6年ぶりに茶道に触れてみて感じたこと

今年は地元の市民講座で茶道を始めた。先生は表千家で、学生のころに習っていた流派とは違ったけど、正直そんなに覚えていなかったし、さほど問題はなかった。

※補足:三千家について
表千家・裏千家・武者小路千家は千利休のひ孫の段階で分かれた流派。
三代目宗旦(そうたん)の三男江岑宗左(こうしんそうさ)が表千家を引き継ぎ、養子に出ていた次男一翁宗守(いちおうそうしゅ)が武者小路千家を興す。そして宗旦が自分で作った茶室を引き継いだのが、四男:仙叟宗室(せんそうそうしつ)で、その後裏千家を興すこととなる。

市民講座内での茶道教室

5月から始まった講座は全30回。基礎の基礎から習って、11月には市民講座のお披露目会のようなイベントでお点前をする。(お茶を習っている人にこの話をすると、大抵驚かれるほど発表までのスパンが短い)

最初は、割り稽古と呼ばれる袱紗や茶巾のたたみ方や棗の拭き方、茶杓の構え方など一連の動作を一つひとつに割って稽古する。

それらができるようになると、畳の上で薄茶のお稽古。入りの挨拶から終わりの挨拶までをひとりで行う。

ここで「あれ?次は何をするんだっけ?」の状態になり、つまづくことは数えきれないほど。

ようやく少しずつ覚えられるようになったかなと思うと今度は11月のイベントに向けて畳ではなく、椅子と机を使って行うお点前「立礼」(りゅうれい)を覚える。

そこからは慌ただしく、イベントに向けて猛特訓。できるだけお稽古を休まないように仕事の調整を取り、ひたすら何度も練習を繰り返した。
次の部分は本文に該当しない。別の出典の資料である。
Lemma set_to_perm_multiplicity i j A n :
  (forall n, exists m, set_eq (column (W i) n) (column (W j) m)) ->
  at_least (copies set_eq (column (W (set_to_perm i))) A) n ->
  at_least (copies set_eq (column (W (set_to_perm j))) A) n.
Proof.
  intro ij. destruct n as [|n]; [intros; apply at_least_0|].
  intros (f & Hf & _). destruct (ij (unpair1 (f 0))) as [m Hm].
  apply at_least_injective with (f := pair m); [| now intros a b [_ ->]%pair_inj].
  intro t. unfold copies. rewrite column_set_to_perm, unpair1_pair, <- Hm, <- column_set_to_perm.
  apply Hf. lia.
Qed.

Lemma Eset_sym i j : Eset i j -> Eset j i.
Proof.
  intros [ij ji]. split; intro n; [destruct (ji n) | destruct (ij n)]; eexists; symmetry; eauto.
Qed.

Lemma Eset_iff_Eperm_set_to_perm i j : Eset i j <-> Eperm (set_to_perm i) (set_to_perm j).
Proof.
  split.
  - intro ij. apply (permutation_of_equal_multiplicities set_eq). intros A n.
    split; apply set_to_perm_multiplicity; [apply ij | apply (Eset_sym _ _ ij)].
  - intros (p & [_ p_surj] & Hp). split.
    + intro n. exists (unpair1 (p (pair n 0))).
      rewrite <- column_set_to_perm, <- Hp, column_set_to_perm, unpair1_pair. reflexivity.
    + intro m. destruct (p_surj (pair m 0)) as [M HM]. exists (unpair1 M).
      rewrite <- column_set_to_perm, Hp, HM, column_set_to_perm, unpair1_pair. reflexivity.
Qed.

Section PermToSet.

(* An input z = <<<s, u>, y>, <k, <m, q>>> asks whether <<s, u>, y> lies in column
   <k, <m, q>>. *)
Let s_of z := unpair1 (unpair1 (unpair1 z)).
Let u_of z := unpair2 (unpair1 (unpair1 z)).
Let y_of z := unpair2 (unpair1 z).
Let k_of z := unpair1 (unpair2 z).
Let m_of z := unpair1 (unpair2 (unpair2 z)).
Let q_of z := unpair2 (unpair2 (unpair2 z)).

Let s_prog := CComp CPi1 (CComp CPi1 CPi1).
Let u_prog := CComp CPi2 (CComp CPi1 CPi1).
Let y_prog := CComp CPi2 CPi1.
Let k_prog := CComp CPi1 CPi2.
Let m_prog := CComp CPi1 (CComp CPi2 CPi2).
Let q_prog := CComp CPi2 (CComp CPi2 CPi2).

(* Vanishes iff s, u < k and (s = u or m_s <> m_u). *)
Definition perm_to_set_guard (s u k m : nat) : nat :=
  (S s - k) + (S u - k) + ((1 - dist (code_nth m s) (code_nth m u)) - (1 - dist s u)).

Definition perm_to_set_target (s u y m q : nat) : nat :=
  pair y (match dist s u with 0 => code_nth m s | S _ => q end).

Let guard_prog :=
  bin add_prog
    (bin add_prog (bin sub_prog (CComp CSucc s_prog) k_prog)
                  (bin sub_prog (CComp CSucc u_prog) k_prog))
    (bin sub_prog
       (bin sub_prog (const_prog 1)
          (dist_prog (bin code_nth_prog m_prog s_prog) (bin code_nth_prog m_prog u_prog)))
       (bin sub_prog (const_prog 1) (dist_prog s_prog u_prog))).

Let target_prog :=
  CPair y_prog (ifz (dist_prog s_prog u_prog) (bin code_nth_prog m_prog s_prog) q_prog).

Lemma computes_perm_to_set_guard :
  computes guard_prog (fun z => perm_to_set_guard (s_of z) (u_of z) (k_of z) (m_of z)).
Proof. eapply computes_ext; [unfold guard_prog; prove_computes | reflexivity]. Qed.

Lemma computes_perm_to_set_target :
  computes target_prog (fun z => perm_to_set_target (s_of z) (u_of z) (y_of z) (m_of z) (q_of z)).
Proof. eapply computes_ext; [unfold target_prog; prove_computes | reflexivity]. Qed.

Definition perm_to_set : nat -> nat := guarded_index target_prog guard_prog.

Lemma perm_to_set_computable : computable perm_to_set.
Proof. apply guarded_index_computable. Qed.

Lemma column_perm_to_set i k m q s u y :
  column (W (perm_to_set i)) (pair k (pair m q)) (pair (pair s u) y) <->
  (s < k /\ u < k /\ (s = u \/ code_nth m s <> code_nth m u)) /\
  W i (pair y (if s =? u then code_nth m s else q)).
Proof.
  unfold column, perm_to_set.
  rewrite (W_guarded_index _ _ _ _ _ _ computes_perm_to_set_target computes_perm_to_set_guard).
  unfold s_of, u_of, y_of, k_of, m_of, q_of, perm_to_set_guard, perm_to_set_target.
  unpair_simpl. unfold dist. destruct (Nat.eqb_spec s u) as [<- | ne].
  - rewrite !Nat.sub_diag. cbn iota. intuition lia.
  - replace (s - u + (u - s)) with (S (s - u + (u - s) - 1)) by lia.
    destruct (Nat.eq_dec (code_nth m s) (code_nth m u)) as [e | e]; [rewrite e, !Nat.sub_diag |];
      intuition lia.
Qed.

End PermToSet.

Lemma perm_to_set_column_image i j p :
  (forall a b, p a = p b -> a = b) ->
  (forall n, set_eq (column (W i) n) (column (W j) (p n))) ->
  forall M, exists M', set_eq (column (W (perm_to_set i)) M) (column (W (perm_to_set j)) M').
Proof.
  intros p_inj Hp M.
  destruct (pair_surj M) as (k & M1 & ->), (pair_surj M1) as (m & q & ->).
  destruct (code_nth_exists k (fun t => p (code_nth m t))) as [m' Hm'].
  exists (pair k (pair m' (p q))). intro e.
  destruct (pair_surj e) as (su & y & ->), (pair_surj su) as (s & u & ->).
  rewrite !column_perm_to_set.
  destruct (classic (s < k /\ u < k)) as [[hs hu] | out]; [| tauto].
  rewrite (Hm' s hs), (Hm' u hu).
  assert (code_nth m s <> code_nth m u <-> p (code_nth m s) <> p (code_nth m u))
    by (split; intros ne E; apply ne; [apply p_inj, E | congruence]).
  assert (W i (pair y (if s =? u then code_nth m s else q)) <->
          W j (pair y (if s =? u then p (code_nth m s) else p q)))
    by (destruct (s =? u); apply Hp).
  tauto.
Qed.

Lemma Eperm_perm_to_set i j : Eperm i j -> Eset (perm_to_set i) (perm_to_set j).
Proof.
  intros (p & [p_inj p_surj] & Hp).
  destruct (choice _ p_surj) as [p' Hp'].
  split.
  - apply (perm_to_set_column_image i j p p_inj Hp).
  - intro M. destruct (perm_to_set_column_image j i p') with (M := M) as [M' HM'].
    + intros a b E. now rewrite <- (Hp' a), <- (Hp' b), E.
    + intro n. now rewrite Hp, Hp'.
    + exists M'. now symmetry.
Qed.

Lemma perm_to_set_multiplicity_nonempty i j A n y0 q :
  (forall M, exists M', set_eq (column (W (perm_to_set i)) M) (column (W (perm_to_set j)) M')) ->
  W i (pair y0 q) ->
  at_least (copies set_eq (column (W i)) A) n ->
  at_least (copies set_eq (column (W j)) A) n.
Proof.
  intros ij Hq (f & Hf & f_inj).
  destruct (bounded_below f n) as [b Hb].
  (* The extra entry b differs from all f t, so the marker at <t, n> forces t < k' even
     when A is empty and n = 1. *)
  set (F := fun t => if t <? n then f t else b).
  assert (F_inj : injective_below F (S n)).
  { intros s u hs hu. unfold F.
    destruct (Nat.ltb_spec s n), (Nat.ltb_spec u n); intro E; [apply f_inj | ..]; try lia.
    - specialize (Hb s). lia.
    - specialize (Hb u). lia. }
  destruct (code_nth_exists (S n) F) as [m Hm].
  destruct (ij (pair (S n) (pair m q))) as [M' HM'].
  destruct (pair_surj M') as (k' & M1 & ->), (pair_surj M1) as (m' & q' & ->).
  assert (distinct : forall s u, s <= n -> u <= n -> s <> u ->
                       s < k' /\ code_nth m' s <> code_nth m' u).
  { intros s u hs hu ne.
    assert (Hsu : column (W (perm_to_set i)) (pair (S n) (pair m q)) (pair (pair s u) y0)).
    { rewrite column_perm_to_set, Hm, Hm, (proj2 (Nat.eqb_neq s u) ne) by lia.
      split; [| exact Hq]. repeat split; try lia. right. intro E. apply ne, F_inj; lia || exact E. }
    apply HM' in Hsu. rewrite column_perm_to_set in Hsu.
    destruct Hsu as [(hs' & _ & [? | ?]) _]; tauto. }
  exists (code_nth m'). split.
  - intros t lt y. rewrite <- (Hf t lt y).
    specialize (HM' (pair (pair t t) y)).
    rewrite !column_perm_to_set, Nat.eqb_refl, Hm in HM' by lia.
    unfold F in HM'. rewrite (proj2 (Nat.ltb_lt t n) lt) in HM'.
    destruct (distinct t n ltac:(lia) ltac:(lia) ltac:(lia)) as [tk' _].
    unfold column. split; intro Hy;
      [refine (proj2 (proj2 HM' _)) | refine (proj2 (proj1 HM' _))];
      (split; [repeat split; auto; lia | exact Hy]).
  - intros s u hs hu E. destruct (Nat.eq_dec s u) as [| ne]; [assumption |].
    exfalso. apply (distinct s u); lia || assumption.
Qed.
そして迎えた当日。細かいミスはあったけれど、何とか一連の動作は忘れることなくお点前をできるようになった。当日は100名を超えるお客さんが来て、水屋や半東(はんとう)もてんやわんや。それでも先生のお弟子さんたちの力を借りて何とか終えることができました。

夜のお茶会へのご招待

市民講座を終えると、先生がご自宅のお茶会へ招待してくださった。その日は平日でみんな仕事だったため、夜のお茶会。夜咄(よばなし)のようにろうそくの灯だけの空間だった。
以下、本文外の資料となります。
(* Let $\Bbbk$ be a commutative ring of global dimension zero, $C$ a $\Bbbk$-coalgebra and $M$ a right $C$-comodule finitely generated as a $\Bbbk$-module, with dual $M^*=\mathrm{Hom}_\Bbbk(M,\Bbbk)$. For every $C$-colinear $f\colon M\to M$, the colinear Hattori--Stallings trace $\mathrm{tr}^C(f)$ equals the image of $1\in\Bbbk$ under the composite \[\Bbbk\xrightarrow{\eta}M\square_CM^*\xrightarrow{f\square1}M\square_CM^*\cong\mathrm{coHH}_0(M^*\otimes M,C)\xrightarrow{\langle\epsilon\rangle}\mathrm{coHH}_0(C).\]
   Context: $M^*$ is a left $C$-comodule via $\alpha\mapsto(\alpha\otimes\mathrm{id}_C)\circ\rho\in\mathrm{Hom}_\Bbbk(M,C)\cong C\otimes M^*$. $\eta(1)=\sum_ie_i\otimes e_i^*$ for a basis $(e_i)$ and dual basis $(e_i^* )$ (corresponding to $\mathrm{id}_M$). The isomorphism $M\square_CM^*\cong\mathrm{coHH}_0(M^*\otimes M,C)$ is the swap $m\otimes\alpha\mapsto\alpha\otimes m$, where $\mathrm{coHH}_0(P,C)=\ker(\rho-\tilde t\lambda\colon P\to P\otimes C)$ for a $(C,C)$-bicomodule $P$. $\epsilon\colon M^*\otimes M\to C$ is the $C$-bicolinear map $\alpha\otimes m\mapsto\sum\alpha(m_{(0)})m_{(1)}$ and $\langle\epsilon\rangle$ its restriction. $\mathrm{tr}^C(f)=\sum_i\sum e_i^*(f(e_{i(0)}))e_{i(1)}\in\mathrm{coHH}_0(C)=\ker(\Delta-\tau\Delta)$. *)

From HB Require Import structures.
From mathcomp Require Import all_boot all_order all_algebra.
Set Implicit Arguments. Unset Strict Implicit. Unset Printing Implicit Defensive.
Import GRing.Theory.
Local Open Scope ring_scope.

Section Defs.
Variable k : comPzRingType.

Definition bilinear_map (U V W : lmodType k) (f : U -> V -> W) : Prop :=
  (forall u, linear (f u)) /\ (forall v, linear (fun u => f u v)).

Definition projective_mod (P : lmodType k) : Prop :=
  forall (A B : lmodType k) (p : A -> B) (g : P -> B),
    linear p -> (forall b, exists a, p a = b) -> linear g ->
    exists h : P -> A, linear h /\ forall x, p (h x) = g x.

Definition gldim0 : Prop := forall P : lmodType k, projective_mod P.

Definition fingen (M : lmodType k) : Prop :=
  exists (n : nat) (g : 'I_n -> M),
    forall m, exists a : 'I_n -> k, m = \sum_(i < n) a i *: g i.

(** A tensor product U (x)_k V, given by its universal property:
    a k-bilinear map tmul such that every k-bilinear map factors
    uniquely through a k-linear map (tlift). *)
Record tensor (U V : lmodType k) := Tensor {
  tT :> lmodType k;
  tmul : U -> V -> tT;
  tlift : forall W : lmodType k, (U -> V -> W) -> tT -> W;
  tmul_bilin : bilinear_map tmul;
  tlift_linear : forall (W : lmodType k) (f : U -> V -> W),
      bilinear_map f -> linear (tlift f);
  tlift_tmul : forall (W : lmodType k) (f : U -> V -> W),
      bilinear_map f -> forall u v, tlift f (tmul u v) = f u v;
  tensor_ext : forall (W : lmodType k) (g h : tT -> W), linear g -> linear h ->
      (forall u v, g (tmul u v) = h (tmul u v)) -> forall x, g x = h x
}.

(** The dual module M^* = Hom_k(M, k), given up to isomorphism by an
    evaluation pairing identifying it with the k-module of k-linear forms. *)
Record dual (M : lmodType k) := Dual {
  dT :> lmodType k;
  dev : dT -> M -> k^o;
  dev_bilin : bilinear_map dev;
  dev_inj : forall a b : dT, (forall m, dev a m = dev b m) -> a = b;
  dev_surj : forall g : M -> k^o, linear g -> exists a : dT, forall m, dev a m = g m
}.

Definition coalgebra (C : lmodType k) (CC : tensor C C)
    (Delta : C -> CC) (eps : C -> k^o) : Prop :=
  [/\ linear Delta, linear eps,
      (* coassociativity, tested against all trilinear maps C x C x C -> W *)
      (forall (W : lmodType k) (t : C -> C -> C -> W),
         (forall a b, linear (t a b)) -> (forall a c, linear (fun b => t a b c)) ->
         (forall b c, linear (fun a => t a b c)) ->
         forall x,
         tlift (fun y c => tlift (fun a b => t a b c) (Delta y)) (Delta x)
         = tlift (fun a y => tlift (fun b c => t a b c) (Delta y)) (Delta x)),
      (forall x, tlift (fun a b => eps a *: b) (Delta x) = x) &
      (forall x, tlift (fun a b => eps b *: a) (Delta x) = x)].

Definition rcomodule (C : lmodType k) (CC : tensor C C) (Delta : C -> CC)
    (eps : C -> k^o) (M : lmodType k) (MC : tensor M C) (rho : M -> MC) : Prop :=
  [/\ linear rho,
      (forall (W : lmodType k) (t : M -> C -> C -> W),
         (forall a b, linear (t a b)) -> (forall a c, linear (fun b => t a b c)) ->
         (forall b c, linear (fun a => t a b c)) ->
         forall x,
         tlift (fun y c => tlift (fun a b => t a b c) (rho y)) (rho x)
         = tlift (fun a y => tlift (fun b c => t a b c) (Delta y)) (rho x)) &
      (forall x, tlift (fun m c => eps c *: m) (rho x) = x)].

Definition colinear (C M : lmodType k) (MC : tensor M C) (rho : M -> MC)
    (f : M -> M) : Prop :=
  linear f /\ forall m, rho (f m) = tlift (fun m' c => tmul MC (f m') c) (rho m).

Definition dual_basis (M : lmodType k) (Ms : dual M) (n : nat)
    (e : 'I_n -> M) (es : 'I_n -> Ms) : Prop :=
  forall x, x = \sum_(i < n) (dev (es i) x : k) *: e i.

Definition trC (C M : lmodType k) (MC : tensor M C) (rho : M -> MC)
    (Ms : dual M) (n : nat) (e : 'I_n -> M) (es : 'I_n -> Ms) (f : M -> M) : C :=
  \sum_(i < n) tlift (fun m c => (dev (es i) (f m) : k) *: c) (rho (e i)).

Definition eta1 (M : lmodType k) (Ms : dual M) (MMs : tensor M Ms)
    (n : nat) (e : 'I_n -> M) (es : 'I_n -> Ms) : MMs :=
  \sum_(i < n) tmul MMs (e i) (es i).

(** f (x) 1 : M (x) M^* -> M (x) M^* (restricting to f box 1 on M box_C M^* ). *)
Definition tens_f1 (M : lmodType k) (Ms : dual M) (MMs : tensor M Ms)
    (f : M -> M) : MMs -> MMs :=
  tlift (fun m a => tmul MMs (f m) a).

Definition tswap (M : lmodType k) (Ms : dual M) (MMs : tensor M Ms)
    (MsM : tensor Ms M) : MMs -> MsM :=
  tlift (fun m a => tmul MsM a m).

Definition ev_eps (C M : lmodType k) (MC : tensor M C) (rho : M -> MC)
    (Ms : dual M) (MsM : tensor Ms M) : MsM -> C :=
  tlift (fun a m => tlift (fun m' c => (dev a m' : k) *: c) (rho m)).

End Defs.

(** The composite sends [e_i ⊗ e_i^*] to [sum e_i^*((f e_i)_(0)) (f e_i)_(1)], and
    colinearity of [f] rewrites this as [sum e_i^*(f (e_i(0))) e_i(1)], the [i]-th
    summand of [tr^C(f)]. So the identity holds summand by summand: of the comodule
    structure only the linearity of [rho] is used, while the counit, coassociativity,
    global dimension zero, finite generation and the dual-basis property serve only
    to make both sides well-defined elements of [coHH_0(C)]. *)

From HB Require Import structures.
From mathcomp Require Import all_boot all_order all_algebra.
Set Implicit Arguments. Unset Strict Implicit. Unset Printing Implicit Defensive.
Import GRing.Theory.
Local Open Scope ring_scope.

Section LinearMaps.
Variables (k : comPzRingType) (U V : lmodType k) (f : U -> V).
Hypothesis lf : linear f.

Lemma linear_addE x y : f (x + y) = f x + f y.
Proof. exact: (GRing.semilinear_linear lf).2. Qed.

Lemma linear_scaleE a x : f (a *: x) = a *: f x.
Proof. by move: a x; apply: scalable_linear. Qed.

Lemma linear_sumE (I : Type) (r : seq I) (F : I -> U) :
  f (\sum_(i <- r) F i) = \sum_(i <- r) f (F i).
Proof.
apply: (big_morph f linear_addE).
by rewrite -[0 in LHS](scale0r 0) linear_scaleE scale0r.
Qed.

End LinearMaps.

Section TensorLift.
Variable k : comPzRingType.
Implicit Types U V W X : lmodType k.

Lemma bilinear_flip U V W (g : U -> V -> W) :
  bilinear_map g -> bilinear_map (fun v u => g u v).
Proof. by case=> g1 g2; split. Qed.

Lemma bilinear_compl U U' V W (g : U -> V -> W) (h : U' -> U) :
  bilinear_map g -> linear h -> bilinear_map (fun u v => g (h u) v).
Proof.
case=> g1 g2 lh; split=> [u|v]; first exact: g1.
by move=> a x y /=; rewrite lh g2.
Qed.

Lemma bilinear_scale_form U V (phi : U -> k^o) :
  linear phi -> bilinear_map (fun (u : U) (v : V) => phi u *: v).
Proof.
move=> lphi; split=> [u|v] a x y /=.
  by rewrite scalerDr !scalerA mulrC.
by rewrite lphi scalerDl scalerA.
Qed.

Lemma tlift_comp U V U' V' W (T : tensor U V) (T' : tensor U' V')
    (h : U -> V -> T') (phi : U' -> V' -> W) (psi : U -> V -> W) :
  bilinear_map h -> bilinear_map phi -> bilinear_map psi ->
  (forall u v, tlift phi (h u v) = psi u v) ->
  forall y : T, tlift phi (tlift h y) = tlift psi y.
Proof.
move=> bh bphi bpsi phi_h.
have lphi := tlift_linear (t := T') bphi; have lh := tlift_linear (t := T) bh.
apply: tensor_ext; last by move=> u v; rewrite !tlift_tmul.
- by move=> a u v; rewrite lh lphi.
- exact: tlift_linear.
Qed.

Lemma linear_tlift_family U V W X (T : tensor U V) (F : X -> U -> V -> W) :
  (forall x, bilinear_map (F x)) -> (forall u v, linear (fun x => F x u v)) ->
  forall y : T, linear (fun x => tlift (F x) y).
Proof.
move=> bF lF y a x1 x2.
have l1 := tlift_linear (t := T) (bF x1); have l2 := tlift_linear (t := T) (bF x2).
apply: (tensor_ext (g := tlift (F (a *: x1 + x2)))
  (h := fun y => a *: tlift (F x1) y + tlift (F x2) y)).
- exact: tlift_linear.
- move=> c y1 y2.
  by rewrite l1 l2 !scalerDr !scalerA mulrC addrACA.
- by move=> u v; rewrite !tlift_tmul // lF.
Qed.

End TensorLift.

Section TraceComposite.
Variables (k : comPzRingType) (C M : lmodType k) (MC : tensor M C) (rho : M -> MC).
Variables (Ms : dual M) (MMs : tensor M Ms) (MsM : tensor Ms M).
Hypothesis lrho : linear rho.

Lemma bilinear_ev_eps_kernel :
  bilinear_map (fun (a : Ms) (m : M) =>
    tlift (fun m' (c : C) => (dev a m' : k) *: c) (rho m)).
Proof.
have [dev1 dev2] := dev_bilin Ms.
split=> [a|m].
  have la := tlift_linear (t := MC) (bilinear_scale_form C (dev1 a)).
  by move=> s x y /=; rewrite lrho la.
apply: linear_tlift_family => [a|m' c s x y /=].
  exact: bilinear_scale_form.
by rewrite dev2 scalerDl scalerA.
Qed.

Lemma ev_eps_tmul a m :
  ev_eps rho (tmul MsM a m) = tlift (fun m' c => (dev a m' : k) *: c) (rho m).
Proof. by rewrite /ev_eps tlift_tmul //; apply: bilinear_ev_eps_kernel. Qed.

Lemma ev_eps_tmul_colinear (f : M -> M) a m : colinear rho f ->
  ev_eps rho (tmul MsM a (f m))
  = tlift (fun m' c => (dev a (f m') : k) *: c) (rho m).
Proof.
case=> lf rho_f; rewrite ev_eps_tmul rho_f.
have [dev1 _] := dev_bilin Ms.
apply: tlift_comp => [||| u v]; last by rewrite tlift_tmul //; apply: bilinear_scale_form.
- exact: bilinear_compl (tmul_bilin MC) lf.
- exact: bilinear_scale_form.
- by apply: bilinear_scale_form => s x y; rewrite lf dev1.
Qed.

Lemma tswap_tens_f1_eta1 (f : M -> M) n (e : 'I_n -> M) (es : 'I_n -> Ms) :
  linear f ->
  tswap MsM (tens_f1 f (eta1 MMs e es)) = \sum_(i < n) tmul MsM (es i) (f (e i)).
Proof.
move=> lf.
have bf1 : bilinear_map (fun m (a : Ms) => tmul MMs (f m) a).
  exact: bilinear_compl (tmul_bilin MMs) lf.
have bsw : bilinear_map (fun m (a : Ms) => tmul MsM a m).
  exact: bilinear_flip (tmul_bilin MsM).
rewrite /tswap /tens_f1 /eta1 (linear_sumE (tlift_linear (t := MMs) bf1)).
rewrite (linear_sumE (tlift_linear (t := MMs) bsw)).
by apply: eq_bigr => i _; rewrite !tlift_tmul.
Qed.

End TraceComposite.

Theorem proposition6p5
  (k : comPzRingType) (hk : gldim0 k)
  (C : lmodType k) (CC : tensor C C) (Delta : C -> CC) (epsC : C -> k^o)
  (hC : coalgebra Delta epsC)
  (M : lmodType k) (MC : tensor M C) (rho : M -> MC)
  (hM : rcomodule Delta epsC rho) (hfg : fingen M)
  (Ms : dual M) (MMs : tensor M Ms) (MsM : tensor Ms M)
  (n : nat) (e : 'I_n -> M) (es : 'I_n -> Ms) (hdb : dual_basis e es)
  (f : M -> M) (hf : colinear rho f) :
  trC rho e es f = ev_eps rho (tswap MsM (tens_f1 f (eta1 MMs e es))).
Proof.
have [lrho _ _] := hM.
rewrite tswap_tens_f1_eta1; last by case: hf.
have lev : linear (ev_eps rho (MsM := MsM)).
  exact: (tlift_linear (t := MsM) (bilinear_ev_eps_kernel Ms lrho)).
rewrite (linear_sumE lev) /trC.
by apply: eq_bigr => i _; rewrite ev_eps_tmul_colinear.
Qed.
まず風炉に炭入れをするところから。掃除をして、温かいお湯が沸くように炭を入れる。そして練香を入れ、香りを立たせる。この練香は先生のおばさまが作った香らしく、とても良い香りだった。

そしてそこからは通常のお点前。何十年もお茶を続けてきた先生のお点前も、私が習ったお点前の先にあるのかと思ったら、もっと習いたいと純粋に思ったし、脈略と受け継がれてきた茶道に少しでも触れられたことが嬉しかった。

人生に不必要な要素が心の余裕を生む

何も茶道は人生に絶対必要なことではない。でも長い歴史の中で失われずに引き継がれてきた文化を知ることは昔の人の生活や考え方を少しだけ知れるような気がして楽しい。

さらに茶道をすることで無理やりにでも静かな時間をつくることで、心が落ち着いたりもする。もともとは禅の考えから始まった茶道の文化。お茶室のなかにいると、少しだけ現世と違う世界にいるような感覚になることもある。バタバタと日々が過ぎていくなかで、外的要素を利用して落ち着ける時間を作ることも大切なのかもしれないぁと思った冬の1日でした。